66 プレゼント
「リーシャ、君は少々自分の侍女を振り回し過ぎではないか?」
「旦那様には言われたくないですね」
隣でずっと黙って座っていたシエル様が大きく頷いてますよ? 従者を振り回しているのは旦那様だって同じじゃないですか。
公爵家の馬車は大きいから四、五人くらいなら余裕で乗ることが出来る。主人と使用人は別れて馬車に乗ることも多いけど、わたしは一緒の方が暇しないし旦那様も気にしないみたいだから自然と一緒に移動していた。
「同じ言葉を返そう」
「…………」
結構ですけど。わたしが旦那様に言うってことは同じように返されるんだろうなとは思ってましたけど、黒い笑顔のおまけはいらないです! お得どころか大損ですので。

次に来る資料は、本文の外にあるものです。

(* Let $X$ be a finite-dimensional real vector space of dimension greater than two, let $\mathcal{P}$ and $\mathcal{Q}$ be two convex bodies in $X$ which contain the origin as an interior point, and let $W\subset X$ be a $1$-dimensional subspace. If the dual body $\mathcal{P}^*$ is strictly convex and for every hyperplane (linear subspace of codimension one) $Y\subset X$ containing $W$ the convex bodies $(\mathcal{P}\cap Y)^*$ and $(\mathcal{Q}\cap Y)^*$ in $Y^*$ are translates of each other, then $\mathcal{P}^*$ and $\mathcal{Q}^*$ are translates of each other in $X^*$.
   Context: For a convex body $\mathcal{P}$ in a vector space $X$ containing the origin as an interior point, its dual is $\mathcal{P}^*=\{\boldsymbol\xi\in X^*:\boldsymbol\xi(\mathbf{v})\le1\text{ for all }\mathbf{v}\in\mathcal{P}\}$; for a subspace $Y$, $(\mathcal{P}\cap Y)^*\subset Y^*$ is the dual of $\mathcal{P}\cap Y$ taken within $Y$. *)

From mathcomp Require Import all_boot all_algebra all_classical all_reals all_analysis.
Import GRing.Theory Num.Theory numFieldNormedType.Exports.
Set Implicit Arguments. Unset Strict Implicit. Unset Printing Implicit Defensive.
Local Open Scope classical_set_scope.
Local Open Scope ring_scope.

(* The space X is modelled as 'rV[R]_n (R : realType), and its dual X^dual is
   identified with 'rV[R]_n via the pairing  xi(v) = \sum_i xi_i v_i. *)
Definition pairing (R : realType) (n : nat) (xi v : 'rV[R]_n) : R :=
  \sum_(i < n) xi 0 i * v 0 i.

Definition convex_set (R : realType) (n : nat) (K : set 'rV[R]_n) : Prop :=
  forall x y t, K x -> K y -> 0 <= t <= 1 -> K ((1 - t) *: x + t *: y).

Definition convex_body (R : realType) (n : nat) (K : set 'rV[R]_n) : Prop :=
  convex_set K /\ compact K /\ (interior K !=set0).

(* strictly convex: every open segment between distinct points lies in the interior
   (equivalently, the boundary contains no nondegenerate segment) *)
Definition strictly_convex (R : realType) (n : nat) (K : set 'rV[R]_n) : Prop :=
  forall x y t, K x -> K y -> x != y -> 0 < t < 1 ->
    interior K ((1 - t) *: x + t *: y).

Definition dual_body (R : realType) (n : nat) (P : set 'rV[R]_n) : set 'rV[R]_n :=
  [set xi | forall v, P v -> pairing xi v <= 1].

Definition translates (R : realType) (n : nat) (A B : set 'rV[R]_n) : Prop :=
  exists c : 'rV[R]_n, A = [set c + b | b in B].

(* For a subspace Y (row space of the matrix Y), functionals on Y are exactly the
   restrictions of functionals xi in X^dual.  [sub_dual_pre Y P] is the preimage of
   (P cap Y)^dual (subset of Y^dual) under the (surjective, linear) restriction map
   X^dual -> Y^dual. *)
Definition sub_dual_pre (R : realType) (n : nat) (Y : 'M[R]_n) (P : set 'rV[R]_n)
  : set 'rV[R]_n :=
  [set xi | forall v, P v -> (v <= Y)%MS -> pairing xi v <= 1].

(* (P cap Y)^dual and (Q cap Y)^dual are translates of each other in Y^dual:
   there is eta0 in Y^dual (represented by a lift c in X^dual) such that, for every
   eta in Y^dual (represented by any lift xi), eta is in (P cap Y)^dual iff
   eta - eta0 is in (Q cap Y)^dual. *)
Definition sub_duals_translates (R : realType) (n : nat) (Y : 'M[R]_n)
  (P Q : set 'rV[R]_n) : Prop :=
  exists c : 'rV[R]_n, forall xi : 'rV[R]_n,
    sub_dual_pre Y P xi <-> sub_dual_pre Y Q (xi - c).

From Pilot Require Import Defs.
From mathcomp Require Import all_boot all_algebra all_classical all_reals all_analysis.
From mathcomp Require Import ring lra.
Import order.Order.TTheory GRing.Theory Num.Theory numFieldNormedType.Exports.
Set Implicit Arguments. Unset Strict Implicit. Unset Printing Implicit Defensive.
Local Open Scope classical_set_scope.
Local Open Scope ring_scope.

(* The gauge g_K of a convex body K with 0 in its interior is sublinear, and it
   is the support function of K^*: xi lies in K^* iff xi <= g_K, and likewise
   (K cap Y)^* is cut out by g_K restricted to Y.  So the hypothesis says that
   f = g_P - g_Q agrees with a linear functional on every hyperplane through W;
   as dim X > 2, every plane through a fixed w spanning W lies in such a
   hyperplane, hence f is linear on all planes through w.  Strict convexity of
   P^* makes g_P differentiable at w: its one-sided directional derivative d_P
   at w is odd, hence linear.  The one-sided derivative of g_Q at w is then
   d_P - f, which is sublinear and odd, hence linear.  Thus f = <c, .> is
   linear and P^* = Q^* + c.
   Supporting functionals of sublinear maps, used in place of Hahn-Banach, come
   from iterating one-sided directional derivatives along a basis. *)

Section Convexity.
Variables (R : realType) (n : nat).
Implicit Types (a b l t : R) (c d u v w x y z : 'rV[R]_n) (f p q : 'rV[R]_n -> R).
Implicit Types (P Q : set 'rV[R]_n) (Y : 'M[R]_n).

Lemma lb_le_infD (A B : set R) m : A !=set0 -> B !=set0 ->
  (forall a b, A a -> B b -> m <= a + b) -> m <= inf A + inf B.
Proof.
move=> A0 B0 h; suff : m - inf B <= inf A by lra.
apply: lb_le_inf A0 _ => a Aa; suff : m - a <= inf B by lra.
by apply: lb_le_inf B0 _ => b Bb; have := h a b Aa Bb; lra.
Qed.

Lemma interior_segment P x w : interior P x -> exists2 k : R, 0 < k & P (x + k *: w).
Proof.
move=> Px; have hc : (fun k : R => x + k *: w) @ 0 --> x + 0 *: w.
  by apply: cvgD; [exact: cvg_cst | apply: cvgZr_tmp; exact: cvg_id].
rewrite scale0r addr0 in hc; have /nbhs_ballP [e e0 he] := hc _ Px.
exists (e / 2); first by rewrite divr_gt0.
apply: he; rewrite /ball /= sub0r normrN gtr0_norm ?divr_gt0 //.
by rewrite ltr_pdivrMr // ltr_pMr // ltr1n.
Qed.

Lemma pairingDr c x y : pairing c (x + y) = pairing c x + pairing c y.
Proof. by rewrite /pairing -big_split /=; apply: eq_bigr => i _; rewrite mxE mulrDr. Qed.

Lemma pairingZr c a x : pairing c (a *: x) = a * pairing c x.
Proof. by rewrite /pairing mulr_sumr; apply: eq_bigr => i _; rewrite mxE mulrCA. Qed.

あなたを慕っているご令嬢やご夫人なら、その黒い笑顔でも喜ばれるんじゃないですか? ……って、直接本人に言えたら良いんですけど、応酬が怖いのでやめておきます。
「とにかく、リーシャかリジー、どちらでも良いから熱が出ている時は一言私に報告するように」
「……分かりました。ではわたしからも一つ、旦那様にお願いしてもよろしいでしょうか?」
「言ってみろ」
「わたしをからかうのと、嫌味や皮肉をプレゼントしてくるのはやめてほしいんですよね。あと腹黒さが滲み出ている黒い笑み。後者の方が頻度は高いでしょうか……? どちらにしても、いつか恨みの感情が溜まった時に寝込みを襲ってしまいそうで」
ふふ、とにっこり笑って言ってみる。これくらいならギリギリセーフなのでは……?
「それは無理な相談だな。それはそうと奥様? ちょうど新しいプレゼントを用意していたところだ。シエル」
セーフではなかった! しっかりドス黒い笑顔をいただいてしまったのに、新しいプレゼントってなに!? 嫌な予感しかしないのでいらないですよ。結構です。心の底から遠慮致しますわ。
「はい。リーシャ様には使用人の入れ替えを行っていただきます。数人の使用人が解雇されたことはご存知だと思いますので、次にフェルリア公爵家で働く使用人の選別をしてください」
「質問ですが、優秀な人に心当たりがあるとおっしゃっていませんでしたか? 旦那様」
「ああ。だが君への態度が悪いという理由で解雇になったのだから、君が望む者を雇いたいと思ってな。公爵夫人としての最初の仕事だと考えてほしい。全責任は君に渡すのでできる限り君に選んでもらいたい。どうしても相応しい人間が思い当たらないようならそれで良い。私が考えていた人物を雇おう。だが伯爵家と公爵家では雇用形態も違う。新たなことに挑戦することも大事だろう?」
思ったより良心的なプレゼントだった。たしかに最初の契約で公爵夫人に見合った振る舞いをすると決めてある。最低限しなければならない仕事もあるだろうと思っていた。もちろん、ロード以外の仕事なんてしなくて良いのなら絶対にしないんだけど。いや、しなければならなくてもできるだけサボりた……遠慮したいけど。